## WORK REQUIRED:
Print every entry exactly as written.

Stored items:
Lemma cvg_ratio1_bounds (a b : R) E X : X @ F --> +oo ->
  (\forall x \near F, a + X x <= E x <= b + X x) ->
  (fun x => E x / X x) @ F --> (1 : R).
Proof.
move=> Xy EX; have Xinv := cvgyV Xy.
have lim_affine (c : R) : (fun x => 1 + c * (X x)^-1) @ F --> (1 : R).
  rewrite -[X in _ --> X]addr0 -(mulr0 c).
  by apply: cvgD; [exact: cvg_cst | exact: cvgMl_tmp].
apply: squeeze_cvgr (lim_affine a) (lim_affine b); near=> x.
have X_gt0 : 0 < X x by near: x; move/cvgryPgt: Xy; apply.
have /andP[lo hi] : a + X x <= E x <= b + X x by near: x.
have affineE (c : R) : 1 + c * (X x)^-1 = (c + X x) / X x by field; rewrite gt_eqF.
by rewrite !affineE !ler_pM2r ?invr_gt0 ?lo.
Unshelve. all: by end_near.
Qed.

Lemma cvg_ratio1_trans E f g :
  (fun x => E x / f x) @ F --> (1 : R) -> (fun x => f x / g x) @ F --> (1 : R) ->
  (\forall x \near F, f x != 0) -> (fun x => E x / g x) @ F --> (1 : R).
Proof.
move=> Ef fg f_neq0; rewrite -(mulr1 1); apply: cvg_trans (cvgM Ef fg).
by apply: near_eq_cvg; apply: filterS f_neq0 => x fx /=; rewrite mulrA divfK.
Qed.

End FilterLimits.

Section NatLimits.
Context {R : realType}.

Lemma lnn_cvgy : (fun n : nat => ln (n%:R : R)) @ \oo --> +oo.
Proof. exact: cvgy_ln cvgr_idn. Qed.

Lemma powRn_cvgy (b : R) : 0 < b -> (fun n : nat => n%:R `^ b) @ \oo --> +oo.
Proof.
move=> b_gt0; apply: ger_cvgy (cvgyMl b_gt0 lnn_cvgy); near=> n.
rewrite -ln_powR ltW // ln_sublinear // powR_gt0 // ltr0n.
by near: n; exact: nbhs_infty_gt.
Unshelve. all: by end_near.
Qed.

End NatLimits.

Section Regimes.
Variables (R : realType) (q : nat -> R).
Hypothesis q_gt0 : forall n, (0 < n)%N -> 0 < q n.

Lemma ELR_cvg_qlnn (c : R) : (fun n => q n * ln n%:R) @ \oo --> c ->
  (fun n => ELR (q n) n) @ \oo --> 1 + c.
Proof.
move=> qlnc; have q0 : q @ \oo --> 0 by apply: cvg0_mul_cvgy lnn_cvgy qlnc.
apply: (@squeeze_cvgr _ _ _ _ (fun n => 1 + q n * ln n%:R - q n * q n)
                               (fun n => 1 + q n + q n * ln n%:R)).
- near=> n; have n_gt0 : (0 < n)%N by near: n; exact: nbhs_infty_gt.
  by rewrite ELR_qharmonic ?q_gt0 // -expr2 qharmonic_ge_lnn ?qharmonic_le_ln ?q_gt0.
- rewrite -[X in _ --> X]subr0 -(mulr0 0).
  by apply: cvgB; [apply: cvgD; [exact: cvg_cst | exact: qlnc] | exact: cvgM].
- rewrite -[X in _ --> X + _]addr0.
  by apply: cvgD; [apply: cvgD; [exact: cvg_cst | exact: q0] | exact: qlnc].
Unshelve. all: by end_near.
Qed.

Lemma ELR_equiv_qlnn : (fun n => q n * ln n%:R) @ \oo --> +oo ->
  (exists M : R, \forall n \near \oo, `|q n| <= M) ->
  (fun n => ELR (q n) n / (q n * ln n%:R)) @ \oo --> (1 : R).
Proof.
move=> qlny [M qM].
apply: (@cvg_ratio1_bounds R nat \oo _ (1 - M ^+ 2) (1 + M) _ _ qlny).
near=> n; have n_gt0 : (0 < n)%N by near: n; exact: nbhs_infty_gt.
have qn_gt0 := q_gt0 n_gt0.
have qn_le : q n <= M by apply: le_trans (ler_norm _) _; near: n.
rewrite ELR_qharmonic //; apply/andP; split.
  by apply: le_trans (qharmonic_ge_lnn qn_gt0 n_gt0); nra.
by apply: le_trans (qharmonic_le_ln qn_gt0 n_gt0) _; lra.
Unshelve. all: by end_near.
Qed.

Lemma ELR_equiv_qD :
  (fun n => q n * ln ((n%:R + q n) / (1 + q n))) @ \oo --> +oo ->
  (fun n => ELR (q n) n / (q n * ln ((n%:R + q n) / (1 + q n)))) @ \oo --> (1 : R).
Proof.
move=> qDy; apply: (@cvg_ratio1_bounds R nat \oo _ 1 2 _ _ qDy).
near=> n; have n_gt0 : (0 < n)%N by near: n; exact: nbhs_infty_gt.
by rewrite ELR_qharmonic ?qharmonic_bounds ?q_gt0.
Unshelve. all: by end_near.
Qed.

Section LargeQ.
Hypotheses (qy : q @ \oo --> +oo) (q_small : (fun n => q n / n%:R) @ \oo --> (0 : R)).

Lemma lnD_sub_ln_cvg0 :
  (fun n => ln ((n%:R + q n) / (1 + q n)) - ln (n%:R / q n)) @ \oo --> (0 : R).
Proof.
have ratio1 : (fun n => (1 + q n / n%:R) / (1 + (q n)^-1)) @ \oo --> (1 : R).
  have inv_q0 : (fun n => (q n)^-1) @ \oo --> (0 : R) by apply: cvgyV.
  have := cvgM (cvgD (cvg_cst (1 : R)) q_small) (cvgV _ (cvgD (cvg_cst (1 : R)) inv_q0)).
  by rewrite !addr0 invr1 mulr1; apply; rewrite oner_neq0.
rewrite -ln1; apply: cvg_trans (continuous_cvg _ (continuous_ln ltr01) ratio1).
apply: near_eq_cvg; near=> n; have n_gt0 : (0 < n)%N by near: n; exact: nbhs_infty_gt.
have qn_gt0 := q_gt0 n_gt0; have nR_gt0 : (0 : R) < n%:R by rewrite ltr0n.
rewrite /= -ln_div ?posrE ?divr_gt0 ?addr_gt0 ?ltr_pwDl //; congr ln.
by field; rewrite !gt_eqF ?addr_gt0 ?divr_gt0 ?invr_gt0.
Unshelve. all: by end_near.
Qed.

Lemma lnD_cvgy : (fun n => ln ((n%:R + q n) / (1 + q n))) @ \oo --> +oo.
Proof.
have q_small_gt0 : \forall n \near \oo, 0 < q n / n%:R.
  near=> n; have n_gt0 : (0 < n)%N by near: n; exact: nbhs_infty_gt.
  by rewrite divr_gt0 ?q_gt0 ?ltr0n.
have ratio_y : (fun n => n%:R / q n) @ \oo --> +oo.
  apply: cvg_trans ((cvgrVy q_small_gt0).2 q_small).
  by apply: near_eq_cvg; near=> n; rewrite /= invf_div.
apply: cvg_trans (cvgyD (cvgy_ln ratio_y) lnD_sub_ln_cvg0).
by apply: near_eq_cvg; near=> n; rewrite /= addrC subrK.
Unshelve. all: by end_near.
Qed.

## REPLY TO THE TASK:
Lemma cvg_ratio1_bounds (a b : R) E X : X @ F --> +oo ->
  (\forall x \near F, a + X x <= E x <= b + X x) ->
  (fun x => E x / X x) @ F --> (1 : R).
Proof.
move=> Xy EX; have Xinv := cvgyV Xy.
have lim_affine (c : R) : (fun x => 1 + c * (X x)^-1) @ F --> (1 : R).
  rewrite -[X in _ --> X]addr0 -(mulr0 c).
  by apply: cvgD; [exact: cvg_cst | exact: cvgMl_tmp].
apply: squeeze_cvgr (lim_affine a) (lim_affine b); near=> x.
have X_gt0 : 0 < X x by near: x; move/cvgryPgt: Xy; apply.
have /andP[lo hi] : a + X x <= E x <= b + X x by near: x.
have affineE (c : R) : 1 + c * (X x)^-1 = (c + X x) / X x by field; rewrite gt_eqF.
by rewrite !affineE !ler_pM2r ?invr_gt0 ?lo.
Unshelve. all: by end_near.
Qed.

Lemma cvg_ratio1_trans E f g :
  (fun x => E x / f x) @ F --> (1 : R) -> (fun x => f x / g x) @ F --> (1 : R) ->
  (\forall x \near F, f x != 0) -> (fun x => E x / g x) @ F --> (1 : R).
Proof.
move=> Ef fg f_neq0; rewrite -(mulr1 1); apply: cvg_trans (cvgM Ef fg).
by apply: near_eq_cvg; apply: filterS f_neq0 => x fx /=; rewrite mulrA divfK.
Qed.

End FilterLimits.

Section NatLimits.
Context {R : realType}.

Lemma lnn_cvgy : (fun n : nat => ln (n%:R : R)) @ \oo --> +oo.
Proof. exact: cvgy_ln cvgr_idn. Qed.

Lemma powRn_cvgy (b : R) : 0 < b -> (fun n : nat => n%:R `^ b) @ \oo --> +oo.
Proof.
move=> b_gt0; apply: ger_cvgy (cvgyMl b_gt0 lnn_cvgy); near=> n.
rewrite -ln_powR ltW // ln_sublinear // powR_gt0 // ltr0n.
by near: n; exact: nbhs_infty_gt.
Unshelve. all: by end_near.
Qed.

End NatLimits.

Section Regimes.
Variables (R : realType) (q : nat -> R).
Hypothesis q_gt0 : forall n, (0 < n)%N -> 0 < q n.

Lemma ELR_cvg_qlnn (c : R) : (fun n => q n * ln n%:R) @ \oo --> c ->
  (fun n => ELR (q n) n) @ \oo --> 1 + c.
Proof.
move=> qlnc; have q0 : q @ \oo --> 0 by apply: cvg0_mul_cvgy lnn_cvgy qlnc.
apply: (@squeeze_cvgr _ _ _ _ (fun n => 1 + q n * ln n%:R - q n * q n)
                               (fun n => 1 + q n + q n * ln n%:R)).
- near=> n; have n_gt0 : (0 < n)%N by near: n; exact: nbhs_infty_gt.
  by rewrite ELR_qharmonic ?q_gt0 // -expr2 qharmonic_ge_lnn ?qharmonic_le_ln ?q_gt0.
- rewrite -[X in _ --> X]subr0 -(mulr0 0).
  by apply: cvgB; [apply: cvgD; [exact: cvg_cst | exact: qlnc] | exact: cvgM].
- rewrite -[X in _ --> X + _]addr0.
  by apply: cvgD; [apply: cvgD; [exact: cvg_cst | exact: q0] | exact: qlnc].
Unshelve. all: by end_near.
Qed.

Lemma ELR_equiv_qlnn : (fun n => q n * ln n%:R) @ \oo --> +oo ->
  (exists M : R, \forall n \near \oo, `|q n| <= M) ->
  (fun n => ELR (q n) n / (q n * ln n%:R)) @ \oo --> (1 : R).
Proof.
move=> qlny [M qM].
apply: (@cvg_ratio1_bounds R nat \oo _ (1 - M ^+ 2) (1 + M) _ _ qlny).
near=> n; have n_gt0 : (0 < n)%N by near: n; exact: nbhs_infty_gt.
have qn_gt0 := q_gt0 n_gt0.
have qn_le : q n <= M by apply: le_trans (ler_norm _) _; near: n.
rewrite ELR_qharmonic //; apply/andP; split.
  by apply: le_trans (qharmonic_ge_lnn qn_gt0 n_gt0); nra.
by apply: le_trans (qharmonic_le_ln qn_gt0 n_gt0) _; lra.
Unshelve. all: by end_near.
Qed.

Lemma ELR_equiv_qD :
  (fun n => q n * ln ((n%:R + q n) / (1 + q n))) @ \oo --> +oo ->
  (fun n => ELR (q n) n / (q n * ln ((n%:R + q n) / (1 + q n)))) @ \oo --> (1 : R).
Proof.
move=> qDy; apply: (@cvg_ratio1_bounds R nat \oo _ 1 2 _ _ qDy).
near=> n; have n_gt0 : (0 < n)%N by near: n; exact: nbhs_infty_gt.
by rewrite ELR_qharmonic ?qharmonic_bounds ?q_gt0.
Unshelve. all: by end_near.
Qed.

Section LargeQ.
Hypotheses (qy : q @ \oo --> +oo) (q_small : (fun n => q n / n%:R) @ \oo --> (0 : R)).

Lemma lnD_sub_ln_cvg0 :
  (fun n => ln ((n%:R + q n) / (1 + q n)) - ln (n%:R / q n)) @ \oo --> (0 : R).
Proof.
have ratio1 : (fun n => (1 + q n / n%:R) / (1 + (q n)^-1)) @ \oo --> (1 : R).
  have inv_q0 : (fun n => (q n)^-1) @ \oo --> (0 : R) by apply: cvgyV.
  have := cvgM (cvgD (cvg_cst (1 : R)) q_small) (cvgV _ (cvgD (cvg_cst (1 : R)) inv_q0)).
  by rewrite !addr0 invr1 mulr1; apply; rewrite oner_neq0.
rewrite -ln1; apply: cvg_trans (continuous_cvg _ (continuous_ln ltr01) ratio1).
apply: near_eq_cvg; near=> n; have n_gt0 : (0 < n)%N by near: n; exact: nbhs_infty_gt.
have qn_gt0 := q_gt0 n_gt0; have nR_gt0 : (0 : R) < n%:R by rewrite ltr0n.
rewrite /= -ln_div ?posrE ?divr_gt0 ?addr_gt0 ?ltr_pwDl //; congr ln.
by field; rewrite !gt_eqF ?addr_gt0 ?divr_gt0 ?invr_gt0.
Unshelve. all: by end_near.
Qed.

Lemma lnD_cvgy : (fun n => ln ((n%:R + q n) / (1 + q n))) @ \oo --> +oo.
Proof.
have q_small_gt0 : \forall n \near \oo, 0 < q n / n%:R.
  near=> n; have n_gt0 : (0 < n)%N by near: n; exact: nbhs_infty_gt.
  by rewrite divr_gt0 ?q_gt0 ?ltr0n.
have ratio_y : (fun n => n%:R / q n) @ \oo --> +oo.
  apply: cvg_trans ((cvgrVy q_small_gt0).2 q_small).
  by apply: near_eq_cvg; near=> n; rewrite /= invf_div.
apply: cvg_trans (cvgyD (cvgy_ln ratio_y) lnD_sub_ln_cvg0).
by apply: near_eq_cvg; near=> n; rewrite /= addrC subrK.
Unshelve. all: by end_near.
Qed.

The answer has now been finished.